東京で『交通事故』に強い弁護士

交通事故で裁判したほうがよいケース

  • 文責:所長 弁護士 石井浩一
  • 最終更新日:2023年6月29日

1 裁判になる割合

交通事故の損害賠償請求事件で裁判(訴訟)になる割合は、おおむね1割以下といったところだと思われます。

(交通事故の被害者であるか、加害者であるか、担当弁護士の交渉スタイル等によっても裁判になる確率は変動しますので、あくまでも一つの目安と考えてください。)

2 交通事故の裁判について

交通事故は、専門性が高く件数も多いため、東京地方裁判所では、民事27部が交通集中部として設けられています。

3 裁判した方がよいケースとは

⑴ 金額が不当に低い場合

金額が不当に低いかどうかは、結局のところ、交通事故の事件処理に慣れた交通事故に強い弁護士の最終判断に任せるしかありません。

交通事故の事件処理に慣れていない弁護士では、正しく判断できない可能性がありますので、注意が必要です。

入通院慰謝料、後遺障害慰謝料、後遺障害逸失利益の裁判基準、過失割合の考え方や基準については、弁護士しか入手できない本に書いてあるわけではなく、一般の方でも購入可能な書籍に記載されていますし、インターネットで検索すれば、裁判基準はでてくるので、損害額の計算自体は、一般の方でもある程度はできてしまいます。

ですが、各項目の算定については、注意が必要です。

ア 治療費について

治療費については、必要かつ相当な実費全額しか認められません。

ですので、例えば、医学的にまだ普及していない最先端の治療などについては、場合によっては、賠償されない可能性があります。

また、むちうちなどの場合には、事故の衝撃に比して、長期間通院する必要はなかったとして、治療費の一部返還請求を受ける可能性もあります。

さらに、この程度の事故ではそもそも受傷することはないとして、治療と事故との因果関係を否定されて、1円も治療費を払ってもらえないこともあります。

イ 休業損害について

休業損害についても、被害者本人は事故のせいで休んだから、休んだ分については全部賠償してもらえると思っているかもしれませんが、休業損害についても、必要かつ相当な休業日数についてしか賠償されないので注意が必要です。

また、会社員の方などお給料をもらっている方については、休業損害の日額で揉めることも少ないのですが、自営業の方や歩合制のお給料の方、役員の方などについては、休業損害の日額についても争点になることがあります。

ウ 傷害慰謝料・後遺障害慰謝料について

傷害慰謝料、後遺障害慰謝料については、弁護士が介入して示談交渉していたとしても妥当な金額を提案してこないことがあります。

弁護士が介入した場合、相手方保険会社は、裁判をせずに争点になりうる点についても争わず、早期にお支払いをするかわりに、裁判基準の80%~90%程度の示談提案をしてくることが多いです。

しかし、それにも満たない低い金額しか出せないと言われるケースもあり、その提案に合理的な理由がない場合には、裁判を検討する必要があります。

エ 後遺障害逸失利益について

後遺障害逸失利益については、後遺障害の部位、程度によって、労働能力喪失期間や、労働能力喪失率に違いがありますので、注意が必要です。

外貌醜状が、歯牙障害などのように類型的に逸失利益が否定されやすい後遺障害もあれば、圧迫骨折のように、程度に応じて、労働能力喪失率や、労働能力喪失率にばらつきが生じているものもあります。

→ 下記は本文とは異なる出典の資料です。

Lemma split_model : model G split_graph U split_label.
Proof.
have YU w : w \in Y -> [/\ w \in U, w \notin X & split_label w = x].
  by case/setDP => /branchP [wU bw] wX; rewrite split_labelE.
have XU w : w \in X -> w \in U /\ split_label w = c.
  by move=> wX; rewrite /split_label wX; case: (split_branchP wX).
split => //.
- exact: subsetT.
- move=> w wU; rewrite /split_label in_setU1; case: ifP => _; first by rewrite eqxx.
  by rewrite (model_label MC wU) orbT.
- move=> z /setU1P [-> | zC]; first exact: XU.
  have [zU bz] := model_root MC zC; rewrite split_labelE ?bz //.
  by apply: contra xX => zX; have [_ <-] := split_branchP zX; rewrite bz.
- move=> z /setU1P [-> | zC]; first by rewrite branch_split_root.
  by rewrite branch_split //; case: eqP => _ //; exact (model_connected MC zC).
move=> f; rewrite !in_setU.
case/or4P => [/setIdP [fC xf] | /imsetP [y yN ->] | /imsetP [y yN ->] | /set1P ->].
- have [a [a' [aU a'U baa' aa'K fE]]] := model_edge MC fC.
  have ax : b a != x by apply: contraNneq xf => <-; rewrite fE set21.
  have a'x : b a' != x by apply: contraNneq xf => <-; rewrite fE set22.
  have aX : a \notin X by apply: (branch_notin_split (y := b a)); rewrite // mem_branch aU eqxx.
  have a'X : a' \notin X by apply: (branch_notin_split (y := b a')); rewrite // mem_branch a'U eqxx.
  by exists a, a'; rewrite !split_labelE.
- have [w [z [wY zU zX bz wzG]]] := attached_edge yN (subsetDl _ _).
  have [wU wX lw] := YU w wY.
  by exists w, z; rewrite lw split_labelE // bz eq_sym nbhd_neq // (attached_nbhd yN).
- have [w [z [wX zU zX bz wzG]]] := attached_edge yN sXB.
  have [wU lw] := XU w wX.
  by exists w, z; rewrite lw split_labelE // bz split_root_neq_nbhd // (attached_nbhd yN).
- have [||a [a' [aX a'Y aa'G]]] := model_connected MC xC sXB.
  + by apply/set0Pn; exists c.
  + by apply: contraNneq xX => ->; apply: root_in_branch.
  have [a'U a'X la'] := YU a' a'Y; have [aU la] := XU a aX.
  by exists a', a; rewrite la la' eq_sym split_root_neq setUC.
Qed.

Lemma nbhd_split y : y \in nbhd x -> y \in attached x X :|: attached x Y.
Proof.
have BxE : B x = X :|: Y by rewrite -{1}(setID (B x) X) (setIidPr sXB).
by rewrite -attached_setU -BxE; apply: nbhd_attached.
Qed.

Lemma card_split_edgesY : #|split_edgesY| = #|attached x Y|.
Proof.
by apply: card_in_imset => y y' /attached_nbhd /nbhd_neq yx _; apply: set2_inj.
Qed.

Lemma card_split_edgesX : #|split_edgesX| = #|attached x X|.
Proof.
apply: card_in_imset => y y' /attached_nbhd /nbhd_sv yC _; apply: set2_inj.
by apply: contraNneq split_root_notin => <-.
Qed.

Lemma disjoint_split_edgesX : [disjoint split_edgesX & [set [set x; c]]].
Proof.
apply: (disjoint_by_pred (P := fun f : {set T} => x \notin f)) => [f | f /set1P ->].
  case/imsetP => y /attached_nbhd /nbhd_neq yx ->.
  by rewrite /= in_set2 negb_or !(eq_sym x) split_root_neq.
by rewrite /= set21.
Qed.

Lemma disjoint_split_edgesY : [disjoint split_edgesY & [set [set x; c]]].
Proof.
apply: (disjoint_by_pred (P := fun f : {set T} => c \notin f)) => [f | f /set1P ->].
  case/imsetP => y /attached_nbhd yN ->.
  by rewrite /= in_set2 negb_or split_root_neq split_root_neq_nbhd.
by rewrite /= set22.
Qed.

Lemma card_split_graph :
  #|se split_graph| = #|split_kept| + (#|attached x Y| + (#|attached x X| + 1)).
Proof.
have kept_rest : [disjoint split_kept & split_edgesY :|: (split_edgesX :|: [set [set x; c]])].
  apply: (disjoint_by_pred (P := fun f : {set T} => (x \notin f) && (c \notin f))).
    by move=> f /setIdP [fC ->]; rewrite split_root_notin_edge.
  move=> f; rewrite !in_setU => /or3P [/imsetP [y _ ->] | /imsetP [y _ ->] | /set1P ->];
    by rewrite /= ?set21 ?set22 /= ?andbF.
have Y_rest : [disjoint split_edgesY & split_edgesX :|: [set [set x; c]]].
  apply: (disjoint_by_pred (P := fun f : {set T} => c \notin f)).
    move=> _ /imsetP [y /attached_nbhd yN ->].
    by rewrite /= in_set2 negb_or split_root_neq split_root_neq_nbhd.
  by move=> f /setUP [/imsetP [y _ ->] | /set1P ->]; rewrite /= ?set21 ?set22.
rewrite /= !cardsU_disjoint ?disjoint_split_edgesX // cards1.
by rewrite card_split_edgesX card_split_edgesY.
Qed.

Lemma split_deg v : v \in sv C -> v != x -> deg C v <= deg split_graph v.
Proof.
move=> vC vx.
have edge_xv f : f \in se C -> v \in f -> x \in f -> f = [set x; v] /\ v \in nbhd x.
  move=> fC vf /(edge_at fC) [y yN fE]; move: vf; rewrite fE in_set2 (negbTE vx).
  by move/eqP => vy; rewrite vy.
have cf f : f \in se C -> c \notin f.
  by move=> fC; apply: contra split_root_notin => /(subsetP (edge_subset fC)).
pose move_edge (f : {set T}) := if (x \in f) && (v \notin attached x Y) then [set c; v] else f.
have inj : {in [set f in se C | v \in f] &, injective move_edge}.
  move=> f f' /setIdP [fC vf] /setIdP [f'C vf']; rewrite /move_edge.
  case: (boolP (x \in f)) => xf; case: (boolP (x \in f')) => xf' //=; case: ifP => // _.
  - by rewrite (edge_xv f fC vf xf).1 (edge_xv f' f'C vf' xf').1.
  - by move=> E; move: (split_root_notin_edge f'C); rewrite -E set21.
  - by move=> E; move: (split_root_notin_edge fC); rewrite E set21.
rewrite /deg -(card_in_imset inj); apply: card_le_deg => [|_ /imsetP [f /setIdP [_ vf] ->]].
  apply/subsetP => _ /imsetP [f /setIdP [fC vf] ->]; rewrite /move_edge !in_setU.
  case: (boolP (x \in f)) => xf /=; last by rewrite inE fC xf.
  have [fE vN] := edge_xv f fC vf xf.
  case: (boolP (v \in attached x Y)) => vY /=.
    by rewrite fE (imset_f (fun y => [set x; y]) vY) orbT.
  move: (nbhd_split vN); rewrite in_setU (negbTE vY) orbF => vX.
  by rewrite (imset_f (fun y => [set c; y]) vX) !orbT.
by rewrite /move_edge; case: ifP; rewrite ?set22.
Qed.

賠償する側の保険会社は、当然ながら、賠償金を少しでも低く抑えたいがために、労働能力喪失率や期間を相場より低く提案してくることがあります。

オ 金額が不当に低いかどうかの判断について

弁護士との交渉によって、賠償金額が妥当なラインまで引きあがればいいのですが、弁護士が介入していても、どうしても、保険会社が不当に低い金額のまま、賠償金額を上げられないと固持してくることがあります。

この場合には、示談交渉は決裂として、裁判をした方がいいケースも出てきます。

ですが、当然のことながら裁判をやれば、必ず被害者側有利に賠償金額が上がるとは限りませんので注意が必要です。

裁判をしても、示談段階の最終回答金額よりも低くなる可能性を考慮してもなお裁判に移行した方がいいのかは、まさに、交通事故の事件処理になれた弁護士にしか判断できない事項です。

⑵ 時効を中断する必要性がある場合

解釈の仕方によって異なりますが、事故日から5年(物的損害については3年)経過すると、時効にかかってしまい、消滅時効を主張されて、1円も賠償金を受け取れない可能性もあります。

ですので、消滅時効にかけないために、裁判を提起して、時効を中断しておく必要がある場合があります。